L’évaluation est simple. Le résultat en est nul. Le Maroc n’a créé aucun modèle ni aucune star. Il n’a contribué à aucune des rares success stories de ses fils.
Bien sûr, il y a des Marocains qui ont réussi. Par exemple, dans le domaine du sport : athlétisme, football... Aouita, Nawal Moutaouakkil, El Guerrouj, Arazi, Alami, Bidouane et tous les autres... Leur étoile a brillé dans les firmaments internationaux et fait briller les yeux de toute une nation. Grâce à eux, l’hymne du Maroc a retenti dans les rencontres mondiales les plus solennelles et le drapeau rouge frappé de l’étoile verte qui incarne les couleurs et l’honneur du royaume chérifien a été hissé bien haut.
Dans d’autres domaines, on trouve ceux qui ont décroché des prix prestigieux, comme Tahar Benjelloun (prix Goncourt). Grâce à leur travail, le Maroc peut se glorifier d’être reconnu dans le monde des lettres. Ou encore, les stars que l’on ne présente plus, comme Jamal Debbouze, Gad El Maleh, etc...
Mais tous ces Marocains ne doivent leur succès qu’à eux-mêmes. Leur pays n’a rien fait pour eux. Il n’a rien fait pour les découvrir, rien pour les encourager, rien pour les accompagner...
Pire. Les Marocains qui ont réussi à se construire un nom sur la scène internationale, ont été honteusement récupérés pendant qu’ils étaient au sommet de la gloire et tout aussi honteusement dédaignés dès que leur carrière a pris fin.

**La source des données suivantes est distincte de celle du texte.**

From mathcomp Require Import all_boot all_order all_algebra.
From mathcomp Require Import boolp classical_sets reals wochoice.

(* Under MD, a strategy that is dominated at all on the current restriction is
   already dominated by a mixed strategy over that restriction, so MGS, MLS and
   their intersections with the current restriction coincide on the iterates of
   MLS-bar; hence the three iterations agree stage by stage (i, iii).  For (ii),
   the outcome G of any relaxation of MLS-bar is a fixed point of MLS-bar at which
   dominance is local, so no strategy of G is ever dominated and G survives every
   stage of the MGS-bar iteration; conversely the MGS-bar outcome survives every
   stage of the relaxation, by its first axiom.  So all these outcomes equal the
   MGS-bar outcome.  Outcomes exist because an operator that only removes
   strategies must stop within the (Hartogs-many) stages of a well-order on the
   powerset of all strategies. *)

Unset Printing Implicit Defensive.
Local Open Scope classical_set_scope.

Lemma well_founded_min {A : Type} {lt : A -> A -> Prop} (P : A -> Prop) {x : A} :
  well_founded lt -> P x -> exists y, P y /\ forall z, lt z y -> ~ P z.
Proof.
move=> wf Px; apply: contrapT => nomin.
suff : forall y, ~ P y by move/(_ x).
move=> y; elim: (wf y) => {}y _ IH Py; apply: nomin; exists y; split => // z /IH.
Qed.

Section Iteration.
Context {n : nat} {M : 'I_n -> Type} (T : forall i, set (M i)).
Local Notation restr := (restr n M).
Implicit Types (F : restr -> restr) (G : restr).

Aouita a dû aller prodiguer son savoir à des étrangers. Nawal est membre du comité olympique, mais ce n’est pas grâce au Maroc. Quant à El Guerrouj, il vient de mesurer toute l’estime que son pays a pour lui. Il pensait, en fin de course, pouvoir accéder à la présidence de la fédération d’athlétisme et mettre son savoir au service de ses concitoyens. Il s’était naïvement lancé dans une compétition électorale pour cela. Et voilà qu’on lui dit de se contenter de la vice-présidence - sans élections - et de laisser la présidence à Ahizoune, un homme qui a plus d’argent que lui. C’est l’entreprise qu’Ahizoune dirige, Maroc Telecom, qui a de l’argent. Mais au Maroc, c’est du pareil au même... Un coup de fil et il débloque de l’argent pour la Fédération, un autre et il en débloque pour l’environnement, un troisième et il noie de « sa générosité » une prestigieuse Fondation...
Pourquoi, dans ces conditions, irait-on soutenir la candidature d’El Guerrouj à la tête de la Fédération ? Juste pour donner confiance aux jeunes ? Pour les inciter à suivre l’exemple concret de quelqu’un qui aurait escaladé l’échelle de la réussite sous leurs yeux ? Pour leur permettre de croire à la mobilité sociale et les détourner du désespoir, de la délinquance ou de l’islamisme violent qui les cueille comme des fruits mûrs quand leur désillusion est à son comble ? Tout cela ne semble pas encore important aux yeux du Maroc d’aujourd’hui. Ou, en tout cas, ce n’est pas le plus important. Qu’est ce qui est le plus important ? Qu’on ne compte pas sur nous pour répondre à cette question. Nous en sommes incapables.